I’m the creator and operator of this little corner of the internets, writing on all things related to art and more specifically my experiences trying to figure this whole thing out. I guess I’m trying to figure out life, too, but mostly I just post about art here.

0 thoughts on “Arrested Development”

  1. I’m probably missing the point entirely (I’ve had 1 drink too many this evening), but I am very grateful that neither of my 2 “engagements” – no rings, just promises – failed before the walk down the aisle. I’m not sure I would have been “ready” or mature enough to recognize the gift my husband offered of his unconditional love, loyalty, understanding and respect. It’s been almost 10 years and 1 amazing child later and I couldn’t possibly love him more.

  2. My current definition of ‘maturity’ is something like ‘knowing what is important’. At middle age, it is easy to see immaturity in a child who throws a fit when told that they must set the table or in a teenager who estimates a person’s worth by what brand of jeans they wear.

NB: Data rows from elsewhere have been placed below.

Lemma flip_data_packing : packing T -> packing (do_flip T e).
Proof.
move=> pT; have [tris disj] := pT.
case: (fd) => uv ux uy vx vy xy eE t1T t2T _ _ flipE _ cross.
have [xu xv yu yv] : [/\ x != u, x != v, y != u & y != v] by rewrite !(eq_sym x) !(eq_sym y).
have [Du Dv] := mulf_lt0_neq0 cross.
have e_sub w : e \subset [set u; v; w].
  by rewrite eE; apply/subsetP => z; rewrite !inE => ->.
have old_new t Z : t \in T -> ~~ (e \subset t) -> in_open p t Z ->
    in_hull p [set x; y; u] Z \/ in_hull p [set x; y; v] Z -> False.
  move=> tT /negP et ot /flip_cover_old [] h; apply: et.
    by rewrite -(packing_hull_open pT t1T tT h ot) e_sub.
  by rewrite -(packing_hull_open pT t2T tT h ot) e_sub.
have new_new Z : in_open p [set x; y; u] Z -> in_open p [set x; y; v] Z -> False.
  by rewrite !in_open3_strict // => -[_ _ hu] [_ _ hv]; clear -hu hv cross; nra.
split.
- move=> t; rewrite flipE => /or3P [/andP [tT _] | /eqP -> | /eqP ->]; first exact: tris.
  + by rewrite cards3 // aff_indep3E.
  + by rewrite cards3 // aff_indep3E.
move=> ta tb Z; rewrite !flipE.
case/or3P => [/andP [taT ea] | /eqP -> | /eqP ->];
  case/or3P => [/andP [tbT eb] | /eqP -> | /eqP ->]; rewrite ?eqxx // => nab oa ob.
- exact: disj taT tbT nab oa ob.
- exact: old_new taT ea oa (or_introl (in_open_hull ob)).
- exact: old_new taT ea oa (or_intror (in_open_hull ob)).
- exact: old_new tbT eb ob (or_introl (in_open_hull oa)).
- exact: new_new oa ob.
- exact: old_new tbT eb ob (or_intror (in_open_hull oa)).
- exact: new_new ob oa.
Qed.

End FlipData.

Lemma packing_flip T e : packing T -> admissible p T e -> packing (do_flip T e).
Proof.
by move=> pT adm; have [u [v [x [y fd]]]] := flip_dataP pT adm; apply: flip_data_packing fd pT.
Qed.

End Packing.

Lemma tri_afterS n (T : {set {set 'I_n}}) F t : (t < size F)%N ->
  tri_after T F t.+1 = do_flip (tri_after T F t) (eps F t).
Proof. by move=> tF; rewrite /tri_after (take_nth set0) // foldl_rcons. Qed.

Section Coverage.
Variables (R : realFieldType) (n : nat) (p : 'I_n -> 'rV[R]_2).
Variables (Tinit : {set {set 'I_n}}) (F : seq {set 'I_n}) (i : 'I_(size F)).
Hypotheses (pTinit : packing p Tinit) (vF : valid p Tinit F).

Local Notation T := (tri_after Tinit F).
Local Notation reach := (connect (DF Tinit F) i).

Lemma packing_tri_after t : (t <= size F)%N -> packing p (T t).
Proof.
elim: t => [|t IH] tF; first by rewrite /tri_after take0.
by rewrite tri_afterS //; apply: packing_flip (IH (ltnW tF)) (vF tF).
Qed.

Lemma flip_data_at t : (t < size F)%N ->
  exists u v x y, flip_data p (T t) (eps F t) u v x y.
Proof. by move=> tF; apply: flip_dataP (packing_tri_after (ltnW tF)) (vF tF). Qed.

Definition marked t tau := tau \in T t /\ exists q : 'I_(size F),
  [/\ (i <= q < t)%N, reach q, phi_at Tinit F q \subset tau &
      forall r, (q < r < t)%N -> eps F r != phi_at Tinit F q].
(* Let $0<c_1,c_2<1$ and $0<\eta\le1$ be constants and let $m$ be a sufficiently large integer. Let $H$ be a $3$-uniform hypergraph whose vertex set is the disjoint union of sets $A$ and $B$, such that every edge of $H$ contains exactly one vertex of $A$ and two vertices of $B$, with $|A|=c_1 m$ and $|B|\geq c_2 2^{m^2}$. If $d_3\left(A,\binom{B}{2}\right)\geq\eta$, then there exists a complete $3$-partite $3$-uniform hypergraph $H'(A',B',B'')$ contained in $H$, with $A'\subseteq A$, $B'$ and $B''$ disjoint subsets of $B$, and $|A'|=|B'|=|B''|=\eta|A|/2$.
   Context: $d_3\left(A,\binom{B}{2}\right)$ denotes the number of edges of $H$ (each consisting of one vertex of $A$ and a pair from $B$) divided by $|A|\binom{|B|}{2}$. A complete $3$-partite $3$-graph $H'(A',B',B'')$ contains every triple with one vertex in each of $A',B',B''$. *)

From HB Require Import structures.
From mathcomp Require Import all_boot all_order all_algebra.
From mathcomp Require Import reals.
Set Implicit Arguments. Unset Strict Implicit. Unset Printing Implicit Defensive.
Import Order.TTheory GRing.Theory Num.Theory.
Local Open Scope ring_scope.

Definition AB_hypergraph (V : finType) (A B : {set V}) (E : {set {set V}}) : Prop :=
  [/\ [disjoint A & B], A :|: B = [set: V] &
      forall e, e \in E -> #|e| = 3%N /\ #|e :&: A| = 1%N /\ #|e :&: B| = 2%N].

Definition d3 (R : realType) (V : finType) (A B : {set V}) (E : {set {set V}}) : R :=
  (#|E|%:R) / ((#|A| * 'C(#|B|, 2))%N%:R).

Definition contains_K3 (V : finType) (E : {set {set V}}) (A' B' B'' : {set V}) : Prop :=
  forall a b c, a \in A' -> b \in B' -> c \in B'' -> [set a; b; c] \in E.

From HB Require Import structures.
From mathcomp Require Import all_boot all_order all_algebra.
From mathcomp Require Import reals.
From mathcomp Require Import zify ring lra.
Import Order.TTheory GRing.Theory Num.Theory.
Set Implicit Arguments. Unset Strict Implicit. Unset Printing Implicit Defensive.

(* Call link (b, c) the set of a in A with {a, b, c} in E, for an ordered pair
   (b, c) of B.  Counting edges through links, the density hypothesis forces
   about an eta/2 proportion of the pairs to have links of size at least
   t = ceil(eta |A| / 2).  Since A has at most 2^|A| subsets S of size t, one
   such S lies in the link of a 2^(-|A|-O(1)) proportion of all pairs: these
   pairs form a dense bipartite graph on B x B.  As |B| >= 2^((|A|+O(1))^2),
   the Kovari-Sos-Turan double count of t-subsets of neighbourhoods yields B'
   and B'' of size t with S in the link of every pair of B' x B''; they are
   disjoint because no edge repeats a vertex. *)

Definition ksubsets (T : finType) (A : {set T}) k :=
  [set S : {set T} | S \subset A & #|S| == k].

Lemma card_ksubsets (T : finType) (A : {set T}) k : #|ksubsets A k| = 'C(#|A|, k).
Proof. exact: cards_draws. Qed.

Lemma exists_ksubset (T : finType) (A : {set T}) k :
  k <= #|A| -> exists2 S : {set T}, S \subset A & #|S| = k.
Proof.
rewrite -bin_gt0 -card_ksubsets => /card_gt0P[S]; rewrite inE => /andP[SA /eqP cS].
by exists S.
Qed.

Lemma sum_nat_indicator (I : finType) (P Q : pred I) :
  \sum_(i | P i) (Q i : nat) = #|[set i | P i && Q i]|.
Proof.
rewrite -sum1_card big_mkcond [RHS]big_mkcond /=; apply: eq_bigr => i _.
by rewrite inE; case: (P i); case: (Q i).
Qed.

Lemma sum_le_markov (I : finType) (P : pred I) (f : I -> nat) M t :
  (forall i, P i -> f i <= M) ->
  \sum_(i | P i) f i <= #|[set i | P i && (t <= f i)]| * M + #|[set i | P i]| * t.-1.
Proof.
move=> fM; rewrite (bigID (fun i => t <= f i)) /= -!sum_nat_cond_const.
apply: leq_add; first by apply: leq_sum => i /andP[/fM].
rewrite [X in _ <= X](bigID (fun i => t <= f i)) /=; apply: leq_trans (leq_addl _ _).
by apply: leq_sum => i /andP[_]; rewrite -ltnNge; case: t.
Qed.

Lemma sum_le_card_mul_max (I : finType) (A : {set I}) (f : I -> nat) :
  A != set0 -> exists2 i, i \in A & \sum_(j in A) f j <= #|A| * f i.
Proof.
case/set0Pn=> i0 Ai0; case: (@arg_maxnP _ i0 (mem A) f Ai0) => i Ai fi_max.
by exists i; rewrite // -sum_nat_const leq_sum.
Qed.

Section Biclique.
Variables (X Y : finType) (r : X -> Y -> bool).

Definition nbhd x := [set y | r x y].

Lemma card_rel_sum_nbhd (X0 : {set X}) :
  (forall x y, r x y -> x \in X0) ->
  #|[set p : X * Y | r p.1 p.2]| = \sum_(x in X0) #|nbhd x|.
Proof.
move=> rX0; rewrite -sum1dep_card.
under [RHS]eq_bigr do rewrite -sum1dep_card.
rewrite pair_big_dep /=; apply: eq_bigl => p.
by apply/idP/andP => [rp | []//]; split=> //; apply: rX0 rp.
Qed.

Lemma biclique_of_high_degrees (Y0 : {set Y}) t D :
  (forall x y, r x y -> y \in Y0) ->
  t.-1 * 'C(#|Y0|, t) < #|[set x | D <= #|nbhd x|]| * 'C(D, t) ->
  exists (S : {set X}) (T : {set Y}),
    [/\ #|S| = t, #|T| = t & forall x y, x \in S -> y \in T -> r x y].
Proof.
move=> rY0 many_high.
(* If every t-subset T of Y0 had fewer than t common neighbours, counting the
   pairs (T, x) with T in the neighbourhood of x would contradict [many_high]. *)
pose common (T : {set Y}) := [set x | T \subset nbhd x].
have double_count :
    \sum_(T in ksubsets Y0 t) #|common T| = \sum_x 'C(#|nbhd x|, t).
  rewrite (eq_bigr (fun T : {set Y} => \sum_x (T \subset nbhd x : nat))); last first.
    by move=> T _; rewrite sum_nat_indicator; apply: eq_card => x; rewrite !inE.
  rewrite exchange_big /=; apply: eq_bigr => x _.
  rewrite -card_ksubsets sum_nat_indicator; apply: eq_card => T; rewrite !inE.
  case: (boolP (T \subset nbhd x)) => [Tx | ]; rewrite ?andbF ?andbT //.
  by rewrite (subset_trans Tx) //; apply/subsetP => y; rewrite inE => /rY0.
have [T] : exists2 T, T \in ksubsets Y0 t & t <= #|common T|.
  apply/exists_inP; apply: contraLR many_high => /exists_inPn few; rewrite -leqNgt.
  apply: (@leq_trans (\sum_(T in ksubsets Y0 t) #|common T|)); last first.
    rewrite mulnC -card_ksubsets -sum_nat_const; apply: leq_sum => T /few.
    by rewrite -ltnNge; case: t {few double_count}.
  rewrite double_count -sum_nat_cond_const.
  apply: (@leq_trans (\sum_(x | D <= #|nbhd x|) 'C(#|nbhd x|, t))).
    by apply: leq_sum => x; apply: leq_bin2l.
  by rewrite [X in _ <= X](bigID (fun x => D <= #|nbhd x|)) leq_addr.
rewrite inE => /andP[_ /eqP cT] /exists_ksubset[S Scommon cS].
exists S, T; split=> // x y /(subsetP Scommon); rewrite inE => /subsetP Tx /Tx.
by rewrite inE.
Qed.

End Biclique.

Lemma bin_ffact_le_exp n t : 'C(n, t) * t`! <= n ^ t.
Proof.
have -> : n ^ t = \prod_(i < t) n by rewrite prod_nat_const card_ord.
rewrite bin_ffact ffact_prod.
by apply: leq_prod => i _; apply: leq_subr.
Qed.

Lemma exp_sub_le_bin_ffact n t : (n - t) ^ t <= 'C(n, t) * t`!.
Proof.
have -> : (n - t) ^ t = \prod_(i < t) (n - t) by rewrite prod_nat_const card_ord.
rewrite bin_ffact ffact_prod.
by apply: leq_prod => i _; apply/leq_sub2l/ltnW.
Qed.

Section BicliqueArithmetic.
Variables (N s : nat).
(* The degree threshold is a quarter of the average degree N / 2^s. *)
Let D := N %/ 2 ^ (s + 2).

Lemma many_high_degree_vertices e G :
  8 <= N -> N * N <= 2 ^ s * e + 2 * N -> e <= G * N + N * D.-1 ->
  N <= 2 ^ (s + 1) * G.
Proof.
move=> N8 dense markov.
have light : 4 * (2 ^ s * D.-1) <= N.
  apply: leq_trans (leq_divM N (2 ^ (s + 2))).
  rewrite -/D expnD; have := leq_pred D; nia.
have split_dense : N * N <= 2 ^ s * G * N + N * (2 ^ s * D.-1) + 2 * N.
  apply: leq_trans dense _; rewrite leq_add2r.
  by apply: leq_trans (leq_mul (leqnn _) markov) _; rewrite mulnDr; lia.
rewrite expnD; move: light split_dense; set u := 2 ^ s => light split_dense.
have : N * (2 * N) <= N * (4 * (u * G)) by nia.
rewrite leq_pmul2l; [lia | exact: leq_trans N8].
Qed.

Lemma divn_sub_lower_bound t :
  2 ^ (s + 3) * t.+1 <= N -> N <= 2 ^ (s + 3) * (D - t).
Proof.
have -> : 2 ^ (s + 3) = 2 * 2 ^ (s + 2) by rewrite !addnS expnS.
have := ltn_ceil N (expn_gt0 2 (s + 2)); rewrite -/D.
move: D (2 ^ (s + 2)) => q d; rewrite mulnBr mulSn mulnS; nia.
Qed.

Lemma biclique_threshold e G t :
  0 < t <= s -> 2 ^ ((s + 3) ^ 2) <= N ->
  N * N <= 2 ^ s * e + 2 * N -> e <= G * N + N * D.-1 ->
  t.-1 * 'C(N, t) < G * 'C(D, t).
Proof.
move=> /andP[t0 ts] N_large dense markov.
have large a : a <= (s + 3) ^ 2 -> 2 ^ a <= N.
  by move=> ab; apply: leq_trans N_large; rewrite leq_pexp2l.
have t_small : t < 2 ^ s by apply: leq_ltn_trans ts (ltn_expl _ _).
have G_large : N <= 2 ^ (s + 1) * G.
  by apply: many_high_degree_vertices dense markov; apply: (large 3); nia.
have D_large : N <= 2 ^ (s + 3) * (D - t).
  apply: divn_sub_lower_bound; apply: leq_trans (large (s + 3 + s) _); last by nia.
  by rewrite [X in _ <= X]expnD leq_mul2l t_small orbT.
pose K := 2 ^ (s + 1) * 2 ^ ((s + 3) * t).
have K_small : t.-1 * K < N.
  apply: (@leq_trans (2 ^ s * (2 ^ (s + 1) * 2 ^ ((s + 3) * s)))); last first.
    by rewrite -!expnD; apply: large; nia.
  apply: (@leq_ltn_trans (t.-1 * (2 ^ (s + 1) * 2 ^ ((s + 3) * s)))).
    by rewrite leq_mul2l leq_mul2l leq_pexp2l ?leq_mul2l ?ts ?orbT.
  rewrite ltn_pmul2r ?muln_gt0 ?expn_gt0 //.
  by apply: leq_ltn_trans t_small; apply: leq_pred.
have K0 : 0 < K by rewrite muln_gt0 !expn_gt0.
have Nt0 : 0 < N ^ t by rewrite expn_gt0 (leq_trans _ (large 1 _)) //; nia.
have key : t.-1 * N ^ t < G * (D - t) ^ t.
  rewrite -(ltn_pmul2l K0); apply: (@leq_trans (N * N ^ t)).
    by rewrite mulnA [K * _]mulnC ltn_pmul2r.
  apply: (@leq_trans (2 ^ (s + 1) * G * (2 ^ (s + 3) * (D - t)) ^ t)).
    by apply: leq_mul; rewrite // leq_exp2r.
  by rewrite /K expnMn expnM; apply: eq_leq; ring.
rewrite -(ltn_pmul2r (fact_gt0 t)) -mulnA.
apply: leq_ltn_trans (leq_mul (leqnn _) (bin_ffact_le_exp N t)) _.
by apply: leq_trans key _; rewrite -mulnA leq_mul2l exp_sub_le_bin_ffact orbT.
Qed.
End BicliqueArithmetic.

Lemma biclique_of_dense (X Y : finType) (r : X -> Y -> bool)
    (X0 : {set X}) (Y0 : {set Y}) N s t :
  (forall x y, r x y -> (x \in X0) && (y \in Y0)) ->
  #|X0| <= N -> #|Y0| <= N ->
  0 < t <= s -> 2 ^ ((s + 3) ^ 2) <= N ->
  N * N <= 2 ^ s * #|[set p : X * Y | r p.1 p.2]| + 2 * N ->
  exists (S : {set X}) (T : {set Y}),
    [/\ S \subset X0, T \subset Y0, #|S| = t, #|T| = t
       & forall x y, x \in S -> y \in T -> r x y].
Proof.
move=> rXY X0N Y0N ts N_large dense.
have rX0 x y : r x y -> x \in X0 by case/rXY/andP.
have rY0 x y : r x y -> y \in Y0 by case/rXY/andP.
pose D := N %/ 2 ^ (s + 2).
pose G := #|[set x | D <= #|nbhd r x|]|.
have markov : #|[set p : X * Y | r p.1 p.2]| <= G * N + N * D.-1.
  rewrite (card_rel_sum_nbhd rX0); apply: leq_trans (sum_le_markov D _) _.
    move=> x _; apply: leq_trans Y0N; apply: subset_leq_card.
    by apply/subsetP => y; rewrite inE => /rY0.
  apply: leq_add; apply: leq_mul => //.
    by apply: subset_leq_card; apply/subsetP => x; rewrite !inE => /andP[].
  by apply: leq_trans _ X0N; apply: subset_leq_card; apply/subsetP => x; rewrite inE.
have [|S [T [cS cT K]]] := biclique_of_high_degrees (t := t) (D := D) rY0.
  apply: leq_ltn_trans (biclique_threshold ts N_large dense markov).
  by rewrite leq_mul2l leq_bin2l ?orbT.
have [[x xS] [y yT]] : (exists x, x \in S) /\ (exists y, y \in T).
  by case/andP: ts => t0 _; split; apply/card_gt0P; rewrite ?cS ?cT.
exists S, T; split=> //; apply/subsetP.
  by move=> x' x'S; apply: rX0 (K _ _ x'S yT).
by move=> y' y'T; apply: rY0 (K _ _ xS y'T).
Qed.

Section ABHypergraph.
Variables (V : finType) (A B : {set V}) (E : {set {set V}}).
Hypothesis AB_E : AB_hypergraph A B E.

Definition link (p : V * V) := [set a in A | [set a; p.1; p.2] \in E].

Definition heavy_pairs t :=
  [set p : V * V | [&& p.1 \in B, p.2 \in B & t <= #|link p|]].

Definition pairs_over (S : {set V}) :=
  [set p : V * V | [&& p.1 \in B, p.2 \in B & S \subset link p]].

Lemma link_sub p : link p \subset A.
Proof. by apply/subsetP => a; rewrite inE => /andP[]. Qed.

Lemma link_diag b : link (b, b) = set0.
Proof.
apply/setP => a; rewrite !inE /=; apply/negbTE/nandP; right; apply/negP => edge.
case: AB_E => _ _ /(_ _ edge)[+ _].
have -> : [set a; b; b] = [set a; b] by apply/setP => x; rewrite !inE -orbA orbb.
by rewrite cards2; case: (a != b).
Qed.

Lemma AB_edge_shape e : e \in E ->
  exists a b c, [/\ a \in A, b \in B, c \in B, b != c & e = [set a; b; c]].
Proof.
case: AB_E => _ AUB edge_split /edge_split[_ [/eqP/cards1P[a eA] /eqP/cards2P[b [c [bc eB]]]]].
have: a \in e :&: A by rewrite eA set11.
have: b \in e :&: B by rewrite eB set21.
have: c \in e :&: B by rewrite eB set22.
rewrite !inE => /andP[_ cB] /andP[_ bB] /andP[_ aA].
exists a, b, c; split=> //.
by rewrite -[e]setIT -AUB setIUr eA eB setUA.
Qed.

Lemma double_card_edges_le :
  2 * #|E| <= \sum_(p | (p.1 \in B) && (p.2 \in B)) #|link p|.
Proof.
rewrite (eq_bigr (fun p => \sum_(a | (a \in A) && ([set a; p.1; p.2] \in E)) 1)); last first.
  by move=> p _; rewrite sum1dep_card.
rewrite pair_big_dep /=.
rewrite (partition_big (fun x : (V * V) * V => [set x.2; x.1.1; x.1.2]) (mem E)); last first.
  by move=> x /andP[_ /andP[]].
rewrite mulnC -sum_nat_const leq_sum // => e eE.
have [a [b [c [aA bB cB bc def_e]]]] := AB_edge_shape eE.
have acb : [set a; c; b] = [set a; b; c].
  by apply/setP => x; rewrite !inE orbAC.
have -> : 2 = #|[set ((b, c), a); ((c, b), a)]| by rewrite cards2 !xpair_eqE (negbTE bc).
rewrite sum1_card; apply: subset_leq_card; apply/subsetP => x.
by rewrite !inE => /orP[] /eqP ->; rewrite unfold_in /= aA bB cB ?acb -def_e eE eqxx.
Qed.
(* Let $(X,d)$ be a metric space, $\mu$ a non-atomic Borel measure on $X$, $\beta>0$, and let $\Gamma^*\subset\Gamma^\mu$ be a family of paths closed under taking non-trivial subpaths that has the $\mu$-arc-chord property with exponent $\beta$. Then every Lipschitz-$\beta$ function $f:X\to\mathbb R$ (i.e. $|f(x)-f(y)|\le L\,d(x,y)^\beta$ for all $x,y$, for some $L$) is absolutely continuous over every path of $\Gamma^*$: for every $\gamma\in\Gamma^*$ with $\mu$-arc length parametrization $\gamma_h:[0,h]\to X$, the function $f\circ\gamma_h$ is absolutely continuous on $[0,h]$.
   Context: A path is a continuous map $\gamma:[a,b]\to X$; a subpath is a restriction to a subinterval, trivial if that interval is a point; $\mathrm{Im}(\gamma)=\gamma([a,b])$. $\mu$ non-atomic: $\mu(\{x\})=0$ for all $x$. $\Gamma^\mu$ is the set of all non-trivial injective paths $\gamma$ with $0<\mu(\mathrm{Im}(\tilde\gamma))<\infty$ for every non-trivial subpath $\tilde\gamma$. For $\gamma:[a,b]\to X$ in $\Gamma^\mu$, $h=\mu(\mathrm{Im}(\gamma))$, $\nu_\gamma(x)=\mu(\gamma([a,x]))$ is a bijection $[a,b]\to[0,h]$, and $\gamma_h=\gamma\circ\nu_\gamma^{-1}$. $\Gamma^*$ has the $\mu$-arc-chord property with exponent $\beta$ if there is $C_\mu>0$ with $\mathrm{diam}(\mathrm{Im}(\gamma))^\beta\le C_\mu\,\mu(\mathrm{Im}(\gamma))$ for all $\gamma\in\Gamma^*$. *)

From HB Require Import structures.
From mathcomp Require Import all_boot all_order all_algebra.
From mathcomp Require Import all_classical all_reals all_analysis.
Set Implicit Arguments. Unset Strict Implicit. Unset Printing Implicit Defensive.
Import Order.TTheory GRing.Theory Num.Theory.
Import numFieldNormedType.Exports.
Local Open Scope classical_set_scope.
Local Open Scope ring_scope.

    Yes, challenges (war, cancer, etc) can help people towards a more mature view of what is important, sometimes, and sometimes not (passing through a tough economic time only to lose perspective that money is only a means to an end, passing through a difficult time only to become incorrectly convinced of divine intervention).

    Your treatise seems to raise the question if to look back, or down, detracts from looking forward, or up, and whether observing people less developed than our current selves (such as our former selves in some cases) inspires passivity in our own development. This may be. Perhaps you can find a wise man and ask. I suspect that she would say that there is value in both planting the garden and in stopping to smell the roses. This reminds me (again) of a text that I often ‘enjoy’:
    “Watching (…) at “play” is apt to be touching and a little sad when compared to (others). The (…), knowing logically that recreation is necessary for health, schedules play, and during that “playtime” taxes himself with improving his recreational skills….” (http://theorem.ca/~mvcorks/intj.html)

  3. As an aside I do not regret my marriages nor do I regret my divorces.

    I am not sure it is a matter of maturity — the jury is still out for me on what “mature” means. No one is every really ready in my opinion — it is the very reason we take the paths we do because we need to learn from the path.

    And I do think it is wonderful that you look gratefully upon the path you have taken — whatever that path “is.” And maybe that, more than anything else, is a place of maturity: learning to accept life for what it is, not for what we wish it were.